I immediately took it up with the orphanage staff, and they notified the police. They searched for the girl for weeks, but because of the torrential snow, her tracks were covered, and the case went cold. The law gave up the search assuming the worst. In all likelihood, she had died from hypothermia somewhere out in the snowy wilderness.
I cried for weeks, wishing that I'd had just been there for her; then I could've gone with her, and if she died, I could've died alongside her.
The years went on, and I dropped out of high school with F-grades in every class. As soon as I turned eighteen and became independent in the eyes of the law, the orphanage was more than happy to throw my worthless ass out onto the streets.

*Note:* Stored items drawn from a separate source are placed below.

Lemma entry_out_row m p (M : 'M[C]_(m, p)) i l : (m <= i)%N -> entry M i l = 0.
Proof. by move=> h; rewrite /entry insubF // ltnNge h. Qed.

Lemma entry_out_col m p (M : 'M[C]_(m, p)) i l : (p <= l)%N -> entry M i l = 0.
Proof. by move=> h; rewrite /entry; case: insub => // ?; rewrite insubF // ltnNge h. Qed.

Lemma entry_tr m p (M : 'M[C]_(m, p)) i l : entry M^T i l = entry M l i.
Proof.
case: (ltnP i p) => hi; last by rewrite entry_out_row // entry_out_col.
case: (ltnP l m) => hl; last by rewrite entry_out_col // entry_out_row.
by rewrite (entryE _ hi hl) (entryE _ hl hi) mxE.
Qed.

(* [sel_mx q s o] selects the rows [o, o + q) of an [s]-row matrix (rows of
   index [>= s] read as zero); [lsub] and [blk] are two-sided selections. *)
Definition sel_mx q s o : 'M[C]_(q, s) := \matrix_(i < q, t < s) ((t : nat) == (o + i)%N)%:R.

Lemma mul_sel_mxE q s o p (M : 'M[C]_(s, p)) (i : 'I_q) (l : 'I_p) :
  (sel_mx q s o *m M) i l = entry M (o + i) l.
Proof.
rewrite mxE; case: (ltnP (o + i) s) => h.
  rewrite (bigD1 (Ordinal h)) //= big1 ?addr0.
    by rewrite mxE eqxx mul1r (entryE _ h (ltn_ord l)); congr (M _ _); apply: val_inj.
  move=> t /eqP ht; rewrite mxE; case: eqP => [e|]; last by rewrite mul0r.
  by case: ht; apply: val_inj.
rewrite entry_out_row // big1 // => t _; rewrite mxE.
by case: eqP => [e|]; [move: (ltn_ord t); rewrite e ltnNge h | rewrite mul0r].
Qed.

Lemma entry_mul_sel_mx q s o p (M : 'M[C]_(s, p)) i l : (i < q)%N ->
  entry (sel_mx q s o *m M) i l = entry M (o + i) l.
Proof.
move=> hi; case: (ltnP l p) => hl; last by rewrite !entry_out_col.
by rewrite (entryE _ hi hl) mul_sel_mxE.
Qed.

Lemma mul_mx_tr_selE q s o p (M : 'M[C]_(p, s)) (i : 'I_p) (l : 'I_q) :
  (M *m (sel_mx q s o)^T) i l = entry M i (o + l).
Proof. by rewrite -(trmxK (M *m _)) trmx_mul trmxK mxE mul_sel_mxE entry_tr. Qed.

Lemma mul_tr_sel_mxE q s o p (M : 'M[C]_(q, p)) (r : 'I_s) (c : 'I_p) :
  ((sel_mx q s o)^T *m M) r c =
  if (o <= r < o + q)%N then entry M (r - o) c else 0.
Proof.
rewrite mxE; case: ifP => h.
  have hu : (r - o < q)%N by lia.
  rewrite (bigD1 (Ordinal hu)) //= big1 ?addr0.
    by rewrite !mxE /= subnKC ?eqxx ?mul1r -?(entry_ord M (Ordinal hu)) //; lia.
  move=> u /eqP hu'; rewrite !mxE; case: eqP => [e|]; last by rewrite mul0r.
  by case: hu'; apply: val_inj => /=; lia.
apply: big1 => u _; rewrite !mxE; case: eqP => [e|]; last by rewrite mul0r.
by move: h; rewrite e; have := ltn_ord u; lia.
Qed.

Lemma mul_mx_selE q s o p (M : 'M[C]_(p, q)) (r : 'I_p) (c : 'I_s) :
  (M *m sel_mx q s o) r c = if (o <= c < o + q)%N then entry M r (c - o) else 0.
Proof.
by rewrite -(trmxK (M *m _)) trmx_mul mxE mul_tr_sel_mxE entry_tr.
Qed.

Lemma sel_mx_full s : sel_mx s s 0 = 1%:M.
Proof. by apply/matrixP => i t; rewrite !mxE add0n eq_sym. Qed.

Lemma sel_mx_comp q s o u o' : (o + q <= s)%N ->
  sel_mx q s o *m sel_mx s u o' = sel_mx q u (o' + o).
Proof.
move=> h; apply/matrixP => i t; rewrite mul_sel_mxE.
have hi : (o + i < s)%N by apply: leq_trans h; rewrite ltn_add2l.
by rewrite (entryE _ hi (ltn_ord t)) !mxE /= addnA.
Qed.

Immediately filing for welfare, I spent the next ten years binging anime and reading manga in the dark confines of a motel owner's basement. The man took pity on me and let me stay there as a permanent resident as long as I paid for rent.
More years passed, and I had gradually started to forget people's names and faces. The self-isolation nearly made me forget about the outside world altogether. I couldn't remember my dad, mom, grandmother, dog, or best friend's name or face. There was only one name and face I could remember: Eric Miller's.
How could I forget them? His name, his face not unlike mine, Tubbs Hill, and all the events that took place that day were forever etched into my soul. I saw it clear as day whenever I closed my eyes. It was part of who I was, who I'd become; without those experiences, I, as I, was would not exist.
I was a pitiful coward who'd let people die just so that I could save my own hide. That was me, I'd proved it so over and over.